Saved entries
(* Let $(\mathbf{L},\mathbf{R})\in\mathcal{P}_{\mathsf N}$ be centered (so both matrices have the same number $m$ of columns), and let $f:\{0,1\}^m\to\{0,1\}^m$. Then $f$ is a contraction map for $(\mathbf{L},\mathbf{R})$ if and only if $f$ is an inclusion dominance map for $(\mathbf{L},\mathbf{R})$. In particular, a centered pair admits a contraction map if and only if it admits an inclusion dominance map.
   Context: $\mathcal{P}_{\mathsf N}$ denotes the set of pairs $(\mathbf{L},\mathbf{R})$ of $(0,1)$-matrices, $\mathbf{L}$ of size $(\mathsf N+1)\times m_L$ and $\mathbf{R}$ of size $(\mathsf N+1)\times m_R$, such that some index $p\in[\mathsf N+1]$ has row $p$ of $\mathbf{L}$ and row $p$ of $\mathbf{R}$ both zero. $\mathbf{A}_{(i)}$ denotes the $i$-th row of $\mathbf{A}$; $e$ the all-ones row vector; $|v|=\sum_k|v_k|$; $|x-x'|$ the Hamming distance; for vectors, $v\le w$ means componentwise; $u^T$ is the transpose (column vector). The pair is balanced if $|\mathbf{L}_{(i)}|=|\mathbf{R}_{(i)}|$ for all $i$, and centered if it is balanced and for some $i$ we have $\mathbf{L}_{(i)}=e$ and $\mathbf{R}_{(i)}=e$. A contraction map is $f:\{0,1\}^{m_L}\to\{0,1\}^{m_R}$ with $f(\mathbf{L}_{(i)})=\mathbf{R}_{(i)}$ for all $i\in[\mathsf N+1]$ and $|x-x'|\ge|f(x)-f(x')|$ for all $x,x'$. A dominance map is $f:\{0,1\}^{m_L}\to\{0,1\}^{m_R}$ such that for all $u$, $|u|=|f(u)|$ and $\mathbf{L}u^T\le\mathbf{R}f(u)^T$. An inclusion dominance map is a dominance map $f$ such that $u'\le u$ implies $f(u')\le f(u)$. *)

(* (0,1)-matrices are boolean matrices 'M[bool]_(N.+1, m);
   vectors in {0,1}^m are boolean row vectors 'rV[bool]_m. *)
From mathcomp Require Import all_boot all_order all_algebra.
Set Implicit Arguments. Unset Strict Implicit. Unset Printing Implicit Defensive.

Definition wt (m : nat) (v : 'rV[bool]_m) : nat := #|[set k | v ord0 k]|.

Definition hdist (m : nat) (x x' : 'rV[bool]_m) : nat := #|[set k | x ord0 k != x' ord0 k]|.

Definition vle (m : nat) (u' u : 'rV[bool]_m) : Prop := forall k, u' ord0 k -> u ord0 k.

(* (A u^T)_i for a 0/1 matrix A and 0/1 vector u (integer matrix-vector product) *)
Definition mxv (n m : nat) (A : 'M[bool]_(n, m)) (u : 'rV[bool]_m) (i : 'I_n) : nat :=
  #|[set k | A i k && u ord0 k]|.

Definition zero_row (m : nat) (v : 'rV[bool]_m) : Prop := forall k, v ord0 k = false.
Definition ones_row (m : nat) (v : 'rV[bool]_m) : Prop := forall k, v ord0 k = true.

Definition inP (N mL mR : nat) (L : 'M[bool]_(N.+1, mL)) (R : 'M[bool]_(N.+1, mR)) : Prop :=
  exists p : 'I_N.+1, zero_row (row p L) /\ zero_row (row p R).

Definition balanced (N mL mR : nat) (L : 'M[bool]_(N.+1, mL)) (R : 'M[bool]_(N.+1, mR)) : Prop :=
  forall i : 'I_N.+1, wt (row i L) = wt (row i R).

Definition centered (N mL mR : nat) (L : 'M[bool]_(N.+1, mL)) (R : 'M[bool]_(N.+1, mR)) : Prop :=
  balanced L R /\ exists i : 'I_N.+1, ones_row (row i L) /\ ones_row (row i R).

Definition contraction_map (N mL mR : nat) (L : 'M[bool]_(N.+1, mL)) (R : 'M[bool]_(N.+1, mR))
  (f : 'rV[bool]_mL -> 'rV[bool]_mR) : Prop :=
  (forall i : 'I_N.+1, f (row i L) = row i R) /\
  (forall x x' : 'rV[bool]_mL, hdist (f x) (f x') <= hdist x x').

Definition dominance_map (N mL mR : nat) (L : 'M[bool]_(N.+1, mL)) (R : 'M[bool]_(N.+1, mR))
  (f : 'rV[bool]_mL -> 'rV[bool]_mR) : Prop :=
  forall u : 'rV[bool]_mL, wt u = wt (f u) /\ (forall i, mxv L u i <= mxv R (f u) i).

Definition inclusion_dominance_map (N mL mR : nat) (L : 'M[bool]_(N.+1, mL))
  (R : 'M[bool]_(N.+1, mR)) (f : 'rV[bool]_mL -> 'rV[bool]_mR) : Prop :=
  dominance_map L R f /\ (forall u' u, vle u' u -> vle (f u') (f u)).

From mathcomp Require Import all_boot all_order all_algebra.
From mathcomp Require Import zify.

(* For 0/1 vectors |x - y| = |x| + |y| - 2|x /\ y|.  A contraction fixing the
   zero vector and the all-ones vector therefore preserves weights (compare the
   distances to both), hence also overlaps |x /\ y|: overlaps with rows of L give
   dominance, and overlaps with comparable vectors give monotonicity.
   Conversely a weight-preserving monotone map sends the meet z of x, x' below
   f x and f x', so |f x - f x'| <= (|x| - |z|) + (|x'| - |z|) = |x - x'|;
   dominance on u = L_(i) forces f (L_(i)) to contain, hence equal, R_(i). *)

Section BooleanVectors.
Context {m : nat}.
Implicit Types x y z : 'rV[bool]_m.

Definition meet x y : 'rV[bool]_m := \row_k (x ord0 k && y ord0 k).

Lemma card_set_sum (P : pred 'I_m) : #|[set k | P k]| = \sum_k P k.
Proof.
by rewrite -sum1_card big_mkcond /=; apply: eq_bigr => k _; rewrite inE; case: (P k).
Qed.

Lemma wt_meetE x y : wt (meet x y) = #|[set k | x ord0 k && y ord0 k]|.
Proof. by apply: eq_card => k; rewrite !inE mxE. Qed.

Lemma meetC x y : meet x y = meet y x.
Proof. by apply/rowP => k; rewrite !mxE andbC. Qed.

Lemma vle_meetl x y : vle (meet x y) x.
Proof. by move=> k; rewrite mxE => /andP[]. Qed.

Lemma vle_meetr x y : vle (meet x y) y.
Proof. by rewrite meetC; apply: vle_meetl. Qed.

Lemma hdist_wt_meet x y : hdist x y + 2 * wt (meet x y) = wt x + wt y.
Proof.
rewrite wt_meetE /hdist /wt !card_set_sum big_distrr -!big_split /=.
by apply: eq_bigr => k _; case: (x ord0 k); case: (y ord0 k).
Qed.

Lemma hdistC x y : hdist x y = hdist y x.
Proof. by apply: eq_card => k; rewrite !inE eq_sym. Qed.

Lemma hdist_triangle x y z : hdist x z <= hdist x y + hdist y z.
Proof.
rewrite /hdist !card_set_sum -big_split; apply: leq_sum => k _ /=.
by case: (x ord0 k); case: (y ord0 k); case: (z ord0 k).
Qed.

Lemma hdist_meet x y : hdist x y = hdist (meet x y) x + hdist (meet x y) y.
Proof.
rewrite /hdist !card_set_sum -big_split; apply: eq_bigr => k _ /=; rewrite mxE.
by case: (x ord0 k); case: (y ord0 k).
Qed.

Lemma hdist_zero x {z} : zero_row z -> hdist x z = wt x.
Proof. by move=> z0; apply: eq_card => k; rewrite !inE z0; case: (x ord0 k). Qed.

Lemma hdist_ones x {o} : ones_row o -> hdist x o + wt x = m.
Proof.
move=> o1; rewrite /hdist /wt !card_set_sum -big_split /=.
transitivity (\sum_(k < m) 1); last by rewrite sum1_card card_ord.
by apply: eq_bigr => k _; rewrite o1; case: (x ord0 k).
Qed.

Lemma vle_antisym {x y} : vle x y -> vle y x -> x = y.
Proof.
by move=> xy yx; apply/rowP => k; apply/idP/idP; [apply: xy | apply: yx].
Qed.

Lemma vle_meet_id {x y} : vle x y -> meet x y = x.
Proof.
by move=> xy; apply/rowP => k; rewrite mxE; case xk: (x ord0 k); rewrite ?(xy k xk).
Qed.

Lemma vle_wt_meet {x y} : wt x <= wt (meet x y) -> vle x y.
Proof.
move=> le_xm; have sub : [set k | meet x y ord0 k] \subset [set k | x ord0 k].
  by apply/subsetP => k; rewrite !inE; apply: vle_meetl.
have /eqP eq_sets : [set k | meet x y ord0 k] == [set k | x ord0 k].
  by rewrite -(subset_leqif_cards sub).2 eqn_leq (subset_leq_card sub).
move=> k xk; apply: (vle_meetr x y k).
have : k \in [set k | x ord0 k] by rewrite inE.
by rewrite -eq_sets inE.
Qed.

Lemma hdist_vle {x y} : vle x y -> hdist x y + wt x = wt y.
Proof. by move=> xy; have := hdist_wt_meet x y; rewrite vle_meet_id //; lia. Qed.

Lemma eq_of_wt_meet x y :
  wt x = wt y -> wt x <= wt (meet x y) -> x = y.
Proof.
move=> wt_xy le_xm; apply: vle_antisym; first exact: vle_wt_meet.
by apply: vle_wt_meet; rewrite meetC -wt_xy.
Qed.

End BooleanVectors.

Lemma mxv_wt_meet N m (A : 'M[bool]_(N, m)) u i : mxv A u i = wt (meet (row i A) u).
Proof. by rewrite wt_meetE; apply: eq_card => k; rewrite !inE mxE. Qed.

Section Maps.
Context {m : nat}.
Implicit Types x y u : 'rV[bool]_m.
Variable f : 'rV[bool]_m -> 'rV[bool]_m.

Definition nonexpansive := forall x y, hdist (f x) (f y) <= hdist x y.
Definition wt_preserving := forall u, wt u = wt (f u).
Definition monotone := forall x y, vle x y -> vle (f x) (f y).

Lemma nonexpansive_wt_preserving {z o} :
  zero_row z -> ones_row o -> zero_row (f z) -> ones_row (f o) ->
  nonexpansive -> wt_preserving.
Proof.
move=> z0 o1 fz0 fo1 f_ne u.
have := f_ne u z; rewrite !hdist_zero //.
have := f_ne u o; have := hdist_ones u o1; have := hdist_ones (f u) fo1; lia.
Qed.

Lemma nonexpansive_wt_meet x y : wt_preserving -> nonexpansive ->
  wt (meet x y) <= wt (meet (f x) (f y)).
Proof.
move=> f_wt f_ne; have := f_ne x y.
have := hdist_wt_meet x y; have := hdist_wt_meet (f x) (f y).
have := f_wt x; have := f_wt y; lia.
Qed.

Lemma nonexpansive_monotone : wt_preserving -> nonexpansive -> monotone.
Proof.
move=> f_wt f_ne x y xy; apply: vle_wt_meet.
by rewrite -f_wt -{1}(vle_meet_id xy); apply: nonexpansive_wt_meet.
Qed.

Lemma monotone_nonexpansive : wt_preserving -> monotone -> nonexpansive.
Proof.
move=> f_wt f_mono x y; have zx := vle_meetl x y; have zy := vle_meetr x y.
rewrite (hdist_meet x y).
have := hdist_triangle (f x) (f (meet x y)) (f y); rewrite (hdistC (f x) (f (meet x y))).
have := hdist_vle zx; have := hdist_vle zy.
have := hdist_vle (f_mono _ _ zx); have := hdist_vle (f_mono _ _ zy).
have := f_wt x; have := f_wt y; have := f_wt (meet x y); lia.
Qed.

End Maps.

Section CenteredPair.
Variables (N m : nat) (L R : 'M[bool]_(N.+1, m)).
Hypotheses (L_R_in : inP L R) (L_R_centered : centered L R).
Implicit Type f : 'rV[bool]_m -> 'rV[bool]_m.

Lemma contraction_inclusion_dominance f :
  contraction_map L R f -> inclusion_dominance_map L R f.
Proof.
case: L_R_in L_R_centered => [p [Lp0 Rp0]] [bal [o [Lo1 Ro1]]] [f_rows f_ne].
have f_wt : wt_preserving f.
  by apply: (nonexpansive_wt_preserving f Lp0 Lo1); rewrite ?f_rows.
split; last exact: nonexpansive_monotone.
move=> u; split=> [|i]; first exact: f_wt.
by rewrite !mxv_wt_meet -f_rows; apply: nonexpansive_wt_meet.
Qed.

Lemma inclusion_dominance_contraction f :
  inclusion_dominance_map L R f -> contraction_map L R f.
Proof.
case: L_R_centered => bal _ [f_dom f_mono].
have f_wt : wt_preserving f by move=> u; case: (f_dom u).
split; last exact: monotone_nonexpansive.
move=> i; have [wt_fLi] := f_dom (row i L); move/(_ i).
rewrite !mxv_wt_meet vle_meet_id // => dom_i.
by apply/esym/eq_of_wt_meet; rewrite -bal.
Qed.

End CenteredPair.

Theorem theorem2 (N m : nat) (L R : 'M[bool]_(N.+1, m)) :
  inP L R -> centered L R ->
  (forall f : 'rV[bool]_m -> 'rV[bool]_m,
      contraction_map L R f <-> inclusion_dominance_map L R f) /\
  ((exists f, contraction_map L R f) <-> (exists f, inclusion_dominance_map L R f)).
Proof.
move=> L_R_in L_R_centered.
have equiv f : contraction_map L R f <-> inclusion_dominance_map L R f.
  split; [exact: contraction_inclusion_dominance | exact: inclusion_dominance_contraction].
by split=> //; split=> -[f /equiv]; exists f.
Qed.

• _TASK PROMPT_
Collect every line from the records above that contains the word "CenteredPair".

• _ANSWER BELOW_
Section CenteredPair.
End CenteredPair.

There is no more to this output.